- Origin: United States
- Genres: Jazz
- Occupation: Musician
- Instrument: Double bass
- Years active: 1940s–1960s

= Alvin Jackson (musician) =

American jazz double bassist

Alvin "AJ" Jackson was an American jazz double bassist.

His first performances were in his high school band with his younger brother, Milt Jackson, and Willie Anderson, Lucky Thompson, Art Mardigan, and George Sirhagen, around 1939–40.

Around 1947, he was playing with Tommy Flanagan's trio with Kenny Burrell, before briefly joining the house band led by Billy Mitchell at Detroit's Blue Bird Inn, before leading it himself in 1955.

The Billy Mitchell–led house band comprised Flanagan, Tate Houston, and Milt Jackson, who had just returned from touring with Woody Herman.

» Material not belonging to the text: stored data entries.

(* Let $\mathfrak{G}$ be a non-redundant assembly graph, $v$ a vertex and $s$ a finite string such that $Label(v)=MES(s)$, the MES extension being taken with respect to $\mathrm{CPC}(\mathfrak{G})$. Then for every circuit $C$ of $\mathfrak{G}$, the number of occurrences of $v$ in $C$ equals the number of occurrences of $s$ in $Label(C)$.
   Context: All strings are over a fixed finite alphabet $\Sigma$. A cyclic string is a bi-infinite periodic word $\mathbb{Z}\to\Sigma$ up to shift, with least period $d$; for a nonempty finite $x$, $\langle x\rangle$ is the cyclic string repeating $x$. Occurrences of a finite string in a cyclic string are counted by start positions modulo $d$; a cyclic string is a substring only of itself. A string $u$ is a proper infix of $w$ if $w=aub$ with $a,b$ nonempty. A string $t$ is a MES for a set $\mathfrak{C}$ of cyclic strings if it is a substring of some element of $\mathfrak{C}$ and every proper superstring of $t$ has strictly fewer occurrences than $t$ in at least one element of $\mathfrak{C}$. For a finite substring $s$ of an element of $\mathfrak{C}$, $MES(s)$ is the unique MES in which $s$ occurs exactly once and such that every occurrence of $s$ in an element of $\mathfrak{C}$ extends to an occurrence of $MES(s)$. An abstract assembly graph is a finite directed multigraph with labelled vertices and edges such that for every edge $e$ from $u$ to $v$, $Label(u)$ is a prefix and $Label(v)$ a suffix of $Label(e)$; $e$ is a prefix edge if $Label(e)=Label(v)$ and a suffix edge if $Label(e)=Label(u)$. An assembly graph is one in which every vertex and edge lies on a directed cycle and no edge is both a prefix and a suffix edge. Walk label of $v_0,e_1,\dots,e_n,v_n$: $Label(e_1)$ followed, for $i\ge2$, by $Label(e_i)$ with its first $|Label(v_{i-1})|$ characters removed. A circuit is a primitive closed walk up to rotation; if its walk label is $Label(v_0)x$, its label is $\langle x\rangle$; the number of occurrences of $v$ in the circuit is the number of $i\in\{1,\dots,n\}$ with $v_i=v$; $\mathrm{CPC}$ is the set of circuit labels. $P$ is an inner subwalk of $Q$ if $Q=APB$ with walks $A,B$ each having at least one edge; the graph is non-redundant if whenever $Label(P)$ is a proper infix of $Label(Q)$, $P$ is an inner subwalk of $Q$. *)

From mathcomp Require Import all_boot.
Set Implicit Arguments. Unset Strict Implicit. Unset Printing Implicit Defensive.

Section Strings.
Variable T : finType.

(** Cyclic strings are represented by a nonempty representative word x,
    standing for <x>, the bi-infinite word i |-> x[i mod |x|]. *)

(* letter of the bi-infinite word <x> at position i (None iff x = [::]) *)
Definition wat (x : seq T) (i : nat) : option T :=
  nth None (map Some x) (i %% size x).

Definition cper (x : seq T) : nat :=
  (find (fun d => rot d.+1 x == x) (iota 0 (size x))).+1.

Definition match_at (u x : seq T) (i : nat) : bool :=
  map Some u == [seq wat x (i + k) | k <- iota 0 (size u)].

(* number of occurrences of u in <x>, start positions counted modulo the
   least period *)
Definition occ_cyc (u x : seq T) : nat :=
  count (match_at u x) (iota 0 (cper x)).

Definition occurs_fin_at (u t : seq T) (j : nat) : bool :=
  (j + size u <= size t) && (take (size u) (drop j t) == u).

Definition occ_fin (u t : seq T) : nat :=
  count (occurs_fin_at u t) (iota 0 (size t).+1).

Definition cyc_eq (x y : seq T) : Prop :=
  x <> [::] /\ y <> [::] /\ exists i, forall j, wat x (i + j) = wat y j.

Section MES.
(* a set of cyclic strings, given by a predicate on nonempty representatives *)
Variable C : seq T -> Prop.

Definition is_MES_fin (t : seq T) : Prop :=
  (exists c, C c /\ 0 < occ_cyc t c) /\
  (forall u : seq T, infix t u -> u <> t ->
     exists c, C c /\ occ_cyc u c < occ_cyc t c) /\
  (* cyclic superstrings <y> (in which t occurs); the number of occurrences
     of <y> in <c> is 1 if <y> = <c> and 0 otherwise *)
  (forall y : seq T, y <> [::] -> 0 < occ_cyc t y ->
     exists c, C c /\
       ((cyc_eq y c /\ 1 < occ_cyc t c) \/ (~ cyc_eq y c /\ 0 < occ_cyc t c))).

Definition is_MES_of (s t : seq T) : Prop :=
  (exists c, C c /\ 0 < occ_cyc s c) /\
  is_MES_fin t /\
  occ_fin s t = 1 /\
  (forall c, C c -> forall i, i < cper c -> match_at s c i ->
     exists p j, match_at t c p /\ occurs_fin_at s t j /\
                 p + j = i %[mod cper c]).
End MES.
End Strings.

Section Graphs.
Variables (T : finType) (V E : finType) (src tgt : E -> V)
          (lv : V -> seq T) (le : E -> seq T).

(* a walk v0, e1, v1, ..., en, vn is given by v0 and the edge list [e1..en] *)
Fixpoint is_walk (v0 : V) (es : seq E) : bool :=
  if es is e :: es' then (src e == v0) && is_walk (tgt e) es' else true.

Definition wend (v0 : V) (es : seq E) : V := last v0 (map tgt es).

(* walk label; for n >= 1 this is Label(e1) followed by the Label(e_i) with
   their first |Label(v_{i-1})| characters removed; for n = 0 it is Label(v0) *)
Definition wlabel (v0 : V) (es : seq E) : seq T :=
  lv v0 ++ flatten [seq drop (size (lv (src e))) (le e) | e <- es].

Definition closed_walk (v0 : V) (es : seq E) : bool :=
  [&& es != [::], is_walk v0 es & wend v0 es == v0].

Definition primitive_edges (es : seq E) : Prop :=
  forall (k : nat) (p : seq E), 1 < k -> es <> flatten (nseq k p).

(* a circuit (given by one of its rotations) *)
Definition circuit (v0 : V) (es : seq E) : Prop :=
  closed_walk v0 es /\ primitive_edges es.

Definition clabel (v0 : V) (es : seq E) : seq T :=
  drop (size (lv v0)) (wlabel v0 es).

Definition vocc (v : V) (es : seq E) : nat := count (fun e => tgt e == v) es.

Definition CPC (c : seq T) : Prop :=
  exists v0 es, circuit v0 es /\ c = clabel v0 es.

Definition abstract_assembly_graph : Prop :=
  forall e, prefix (lv (src e)) (le e) /\ suffix (lv (tgt e)) (le e).

Definition prefix_edge (e : E) : bool := le e == lv (tgt e).
Definition suffix_edge (e : E) : bool := le e == lv (src e).

Definition assembly_graph : Prop :=
  abstract_assembly_graph /\
  (forall v, exists v0 es, closed_walk v0 es /\ v \in map tgt es) /\
  (forall e, exists v0 es, closed_walk v0 es /\ e \in es) /\
  (forall e, ~~ (prefix_edge e && suffix_edge e)).
(* Let $q$ be a power of $2$, $\beta$ a primitive element of $\mathbb{F}_{q^2}$, $\mathrm{Tr}(x)=x+x^q$, and $\Psi:\mathbb{F}_{q^2}^n\to\mathbb{F}_q^{2n}$, $\Psi(\alpha_0,\ldots,\alpha_{n-1})=\left(\mathrm{Tr}(\beta\alpha_0),\ldots,\mathrm{Tr}(\beta\alpha_{n-1}),\mathrm{Tr}(\beta^q\alpha_0),\ldots,\mathrm{Tr}(\beta^q\alpha_{n-1})\right)$. Let $g(x)\in\mathbb{F}_q[x]$ be a monic divisor of $x^{2n}-1$ with $g(x)\neq x^{2n}-1$ and $k=\deg g$, $\mathscr{D}=\langle g(x)\rangle$ the $q$-ary linear cyclic code of length $2n$ it generates, and $\mathscr{C}=\Psi^{-1}(\mathscr{D})$. Let $h(x)=(x^{2n}-1)/g(x)=h_0+\cdots+h_{2n-k}x^{2n-k}$, $h^*(x)=\frac{1}{h_{2n-k}}x^{2n-k}h(1/x)$, $V_{h^*(x)}\in\mathbb{F}_q^{2n}$ its coefficient vector, and $W_{h^{\epsilon}(x)}=\Psi^{-1}(\tau(V_{h^*(x)}))\in\mathbb{F}_{q^2}^n$. Then the $k$ vectors $W_{h^{\epsilon}(x)},T(W_{h^{\epsilon}(x)}),\ldots,T^{k-1}(W_{h^{\epsilon}(x)})$ form an $\mathbb{F}_q$-basis of the alternating dual $\mathscr{C}^{\perp_a}$.
   Context: $\sigma(v_0,\ldots,v_{2n-1})=(v_{2n-1},v_0,\ldots,v_{2n-2})$, $\tau(v_0,\ldots,v_{2n-1})=(-v_n,\ldots,-v_{2n-1},v_0,\ldots,v_{n-1})$, and $T(c_0,\ldots,c_{n-1})=(c_{n-1}^q,c_0,\ldots,c_{n-2})$. The alternating inner product on $\mathbb{F}_{q^2}^n$ is $\langle u,v\rangle_a=(\beta^{2q}-\beta^2)\sum_{i=0}^{n-1}(u_iv_i^q-u_i^qv_i)$ and $\mathscr{C}^{\perp_a}=\{v\in\mathbb{F}_{q^2}^n:\langle u,v\rangle_a=0\ \forall u\in\mathscr{C}\}$. *)

From mathcomp Require Import all_boot all_order all_algebra all_field.
Set Implicit Arguments. Unset Strict Implicit. Unset Printing Implicit Defensive.
Import GRing.Theory.
Local Open Scope ring_scope.

Section Defs.
Variable F : finFieldType.   (* plays the role of F_{q^2} *)
Variable q : nat.

Definition Fq : {pred F} := fun x => x ^+ q == x.

Definition Tr (x : F) : F := x + x ^+ q.

Definition Psi (beta : F) (n : nat) (a : 'rV[F]_n) : 'rV[F]_(n + n) :=
  row_mx (\row_j Tr (beta * a 0 j)) (\row_j Tr (beta ^+ q * a 0 j)).

Definition tau (n : nat) (v : 'rV[F]_(n + n)) : 'rV[F]_(n + n) :=
  row_mx (- rsubmx v) (lsubmx v).

Definition Tmap (n : nat) (c : 'rV[F]_n) : 'rV[F]_n :=
  \row_(i < n) (if (i : nat) == 0%N then (c 0 (ord_pred i)) ^+ q
                else c 0 (ord_pred i)).
(* ord_pred i is the cyclic predecessor: n-1 for i = 0, i-1 otherwise *)

Definition cyclic_code (N : nat) (g : {poly F}) (c : 'rV[F]_N) : Prop :=
  (forall i, c 0 i \in Fq) /\
  exists a : {poly F}, a \is a polyOver Fq /\
    rVpoly c = (a * g) %% ('X^N - 1).

Definition alt_ip (beta : F) (n : nat) (u v : 'rV[F]_n) : F :=
  (beta ^+ (2 * q) - beta ^+ 2) *
  \sum_(i < n) (u 0 i * v 0 i ^+ q - u 0 i ^+ q * v 0 i).

Definition alt_dual (beta : F) (n : nat) (C : 'rV[F]_n -> Prop) (v : 'rV[F]_n) : Prop :=
  forall u, C u -> alt_ip beta u v = 0.

Definition recip (h : {poly F}) : {poly F} :=
  (lead_coef h)^-1 *: \poly_(i < size h) h`_((size h).-1 - i).

Definition Fq_basis (n k : nat) (w : 'I_k -> 'rV[F]_n) (P : 'rV[F]_n -> Prop) : Prop :=
  (forall a : 'I_k -> F, (forall i, a i \in Fq) ->
      \sum_(i < k) a i *: w i = 0 -> forall i, a i = 0) /\
  (forall v, P v <-> exists a : 'I_k -> F, (forall i, a i \in Fq) /\
                       v = \sum_(i < k) a i *: w i).
End Defs.

From HB Require Import structures.
From mathcomp Require Import all_boot all_order all_algebra all_field.
From mathcomp Require Import zify ring.

Set Implicit Arguments.
Unset Strict Implicit.
Unset Printing Implicit Defensive.

Import GRing.Theory.
Local Open Scope ring_scope.

(** In characteristic 2 the map [tau] is the rotation by [n], and [Psi] is an
    [F_q]-linear bijection from [F^n] onto [F_q^(2n)].  Reading [tau (Psi w)]
    as a polynomial of degree [< 2n], the map [T] becomes multiplication by [x]
    (a cyclic shift) and the alternating form [<u, v>_a] becomes the coefficient
    pairing [sum_(l < 2n) f_l p_l] of [Psi u] with [tau (Psi v)].  The theorem
    thus reduces to: the polynomials [p] of degree [< 2n] orthogonal to every
    multiple of [g] of degree [< 2n] are exactly the products [A h^*] with
    [deg A < k].  Such products are orthogonal because reversing indices turns
    the pairing into a coefficient of [c x^(k-1-i) (x^(2n) - 1)] that vanishes
    for degree reasons; conversely the remainder of [p] modulo [h^*] is
    orthogonal to the [x^j g], [j < 2n - k], a triangular system with diagonal
    [g_0 <> 0], so it is zero. *)

Section QFrobenius.
Variables (R : comNzRingType) (q : nat).
Hypothesis pcharRq : [pchar R].-nat q.

Definition qFrobenius of [pchar R].-nat q := fun x : R => x ^+ q.
Arguments qFrobenius : simpl never.

Fact qFrobenius_is_zmod_morphism : zmod_morphism (qFrobenius pcharRq).
Proof. by move=> x y; rewrite /qFrobenius exprDn_pchar // exprNn_pchar. Qed.

Fact qFrobenius_is_monoid_morphism : monoid_morphism (qFrobenius pcharRq).
Proof. by split=> [|x y]; rewrite /qFrobenius ?expr1n ?exprMn. Qed.

HB.instance Definition _ := GRing.isZmodMorphism.Build R R (qFrobenius pcharRq)
  qFrobenius_is_zmod_morphism.
HB.instance Definition _ := GRing.isMonoidMorphism.Build R R (qFrobenius pcharRq)
  qFrobenius_is_monoid_morphism.

End QFrobenius.

Definition pdot (R : nzRingType) (N : nat) (f p : {poly R}) : R :=
  \sum_(l < N) f`_l * p`_l.

Lemma pdotBr (R : nzRingType) N (f p p' : {poly R}) :
  pdot N f (p - p') = pdot N f p - pdot N f p'.
Proof. by rewrite /pdot -sumrB; apply: eq_bigr => l _; rewrite coefB mulrBr. Qed.

Definition revp (R : nzRingType) (p : {poly R}) : {poly R} :=
  \poly_(i < size p) p`_((size p).-1 - i).

Lemma rVpoly_sumXn (R : nzSemiRingType) d (v : 'rV[R]_d) :
  rVpoly v = \sum_(i < d) v 0 i *: 'X^i.
Proof. by rewrite /rVpoly poly_def; apply: eq_bigr => i _; rewrite valK. Qed.

Section DualOfCyclicCode.
Variables (R : fieldType) (N k : nat) (g : {poly R}).
Hypotheses (N_gt0 : (0 < N)%N) (g_monic : g \is monic) (size_g : size g = k.+1).
Hypothesis g_dvd : g %| 'X^N - 1.

Local Notation h := (('X^N - 1) %/ g).
Local Notation hs := (revp h).

Lemma k_leq_N : (k <= N)%N.
Proof.
have XN1_neq0 : 'X^N - 1 != 0 :> {poly R} by rewrite -size_poly_eq0 size_Xn_sub_1.
by have := dvdp_leq XN1_neq0 g_dvd; rewrite size_Xn_sub_1 // size_g.
Qed.

Lemma size_h : size h = (N - k).+1.
Proof. by rewrite size_divp ?monic_neq0 // size_Xn_sub_1 // size_g subSn ?k_leq_N. Qed.

Lemma h_monic : h \is monic.
Proof. by rewrite -(monicMr h g_monic) divpK ?monic_Xn_sub_1. Qed.

Lemma coef0_h_mul_g : h`_0 * g`_0 = -1.
Proof.
have := congr1 (fun p : {poly R} => p`_0) (divpK g_dvd).
by rewrite /= coefM big_ord1 coefB coefXn coef1 eq_sym (gtn_eqF N_gt0) sub0r.
Qed.

Lemma coef0_g_neq0 : g`_0 != 0.
Proof.
by apply: contra_eqN coef0_h_mul_g => /eqP->; rewrite mulr0 eq_sym oppr_eq0 oner_eq0.
Qed.

Lemma coef0_h_neq0 : h`_0 != 0.
Proof.
by apply: contra_eqN coef0_h_mul_g => /eqP->; rewrite mul0r eq_sym oppr_eq0 oner_eq0.
Qed.

Lemma coef_revp_h l : hs`_l = if (l <= N - k)%N then h`_(N - k - l) else 0.
Proof. by rewrite coef_poly size_h. Qed.

Lemma size_revp_h : size hs = (N - k).+1.
Proof. by rewrite size_poly_eq size_h // subnn coef0_h_neq0. Qed.

Lemma revp_h_neq0 : hs != 0.
Proof. by rewrite -size_poly_eq0 size_revp_h. Qed.

Lemma size_divp_revp_h (Y : {poly R}) : (size Y <= N)%N -> (size (Y %/ hs)%R <= k)%N.
Proof. by rewrite size_divp ?revp_h_neq0 // size_revp_h /= leq_subLR subnK ?k_leq_N. Qed.

Lemma coef_Xn_revp_h i l : (i < k)%N -> (l < N)%N ->
  ('X^i * hs)`_l = ('X^(k.-1 - i) * h)`_(N.-1 - l).
Proof.
move=> ik lN; have kN := k_leq_N.
have h_eq0 t : (N - k < t)%N -> h`_t = 0 by move=> ?; rewrite nth_default ?size_h.
rewrite !coefXnM coef_revp_h; case: (ltnP l i) => li.
  by case: ltnP => // ?; rewrite h_eq0 //; lia.
case: leqP => ?; case: ltnP => ? //; try lia.
by congr (nth _ _ _); lia.
Qed.

(* Reversing indices turns the pairing into the coefficient of [X^(N-1)] in
   [c * X^(k-1-i) * (X^N - 1)], which vanishes since [size c <= N - k]. *)
Lemma pdot_Xn_revp_h f i : g %| f -> (size f <= N)%N -> (i < k)%N ->
  pdot N f ('X^i * hs) = 0.
Proof.
move=> /dvdpP[c ->] size_cg ik.
have size_c : (size c <= N - k)%N.
  have [->|c_neq0] := eqVneq c 0; first by rewrite size_poly0.
  by move: size_cg; rewrite size_Mmonic // size_g addnS /= leq_subRL ?k_leq_N // addnC.
have -> : pdot N (c * g) ('X^i * hs) = (c * g * ('X^(k.-1 - i) * h))`_N.-1.
  by rewrite coefM prednK //; apply: eq_bigr => l _; rewrite coef_Xn_revp_h.
have -> : c * g * ('X^(k.-1 - i) * h) = c * 'X^(k.-1 - i) * (h * g) by ring.
rewrite divpK // mulrBr mulr1 -mulrA -exprD coefB !coefMXn.
case: ltnP => [_ | ?]; last lia.
case: ltnP => [? | _]; first by have := k_leq_N; lia.
by rewrite nth_default ?subr0 // (leq_trans size_c) //; lia.
Qed.

Lemma pdot_revp_h f (A : {poly R}) : g %| f -> (size f <= N)%N -> (size A <= k)%N ->
  pdot N f (A * hs) = 0.
Proof.
move=> gf sf /poly_rV_K <-; rewrite rVpoly_sumXn mulr_suml /pdot.
under eq_bigr do rewrite coef_sum mulr_sumr.
rewrite exchange_big big1 // => i _.
under eq_bigr do rewrite -scalerAl coefZ mulrCA.
by rewrite -mulr_sumr [X in _ * X]pdot_Xn_revp_h ?mulr0.
Qed.

Lemma size_Xn_mul_g j : size ('X^j * g) = (j + k).+1.
Proof. by rewrite size_monicM ?monicXn ?monic_neq0 // size_polyXn size_g addnS. Qed.

Lemma pdot_Xn_g_lead (r : {poly R}) : (size r <= N)%N ->
  pdot N ('X^((size r).-1) * g) r = g`_0 * lead_coef r.
Proof.
move=> sr; have [->|r_neq0] := eqVneq r 0.
  by rewrite lead_coef0 mulr0 /pdot big1 // => l _; rewrite coef0 mulr0.
have dN : ((size r).-1 < N)%N by rewrite prednK ?size_poly_gt0.
rewrite /pdot (bigD1 (Ordinal dN)) //= coefXnM ltnn subnn big1 ?addr0 // => l.
rewrite -val_eqE /= coefXnM => l_neq; case: ltnP => [_|le_l]; first by rewrite mul0r.
have r_gt0 : (0 < size r)%N by rewrite size_poly_gt0.
by rewrite [r`_l]nth_default ?mulr0 // -(prednK r_gt0) ltn_neqAle eq_sym l_neq.
Qed.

While Alvin Jackson was leading the house band at the Blue Bird in 1955, the line-up comprised Yusef Lateef, Donald Byrd, Bernard McKinney, Barry Harris, and drummers Art Mardigan or Frank Gant.

In September 1959, with house drummer Frank Gant, he backed Thelonious Monk and Charlie Rouse at Detroit's Club 12.

==Discography==

=== As sideman ===
- 1948: Milt Jackson & His All Stars – Milt Jackson with John Lewis, Alvin Jackson, Kenny Clarke, and Chano Pozo
- 1956: Donald Byrd, Byrd Jazz (Transition)

- 1959: Evans Bradshaw, Pieces of Eighty-Eight (Riverside)
- 1964: Milt Jackson, Vibrations (Atlantic, recorded 1960–1)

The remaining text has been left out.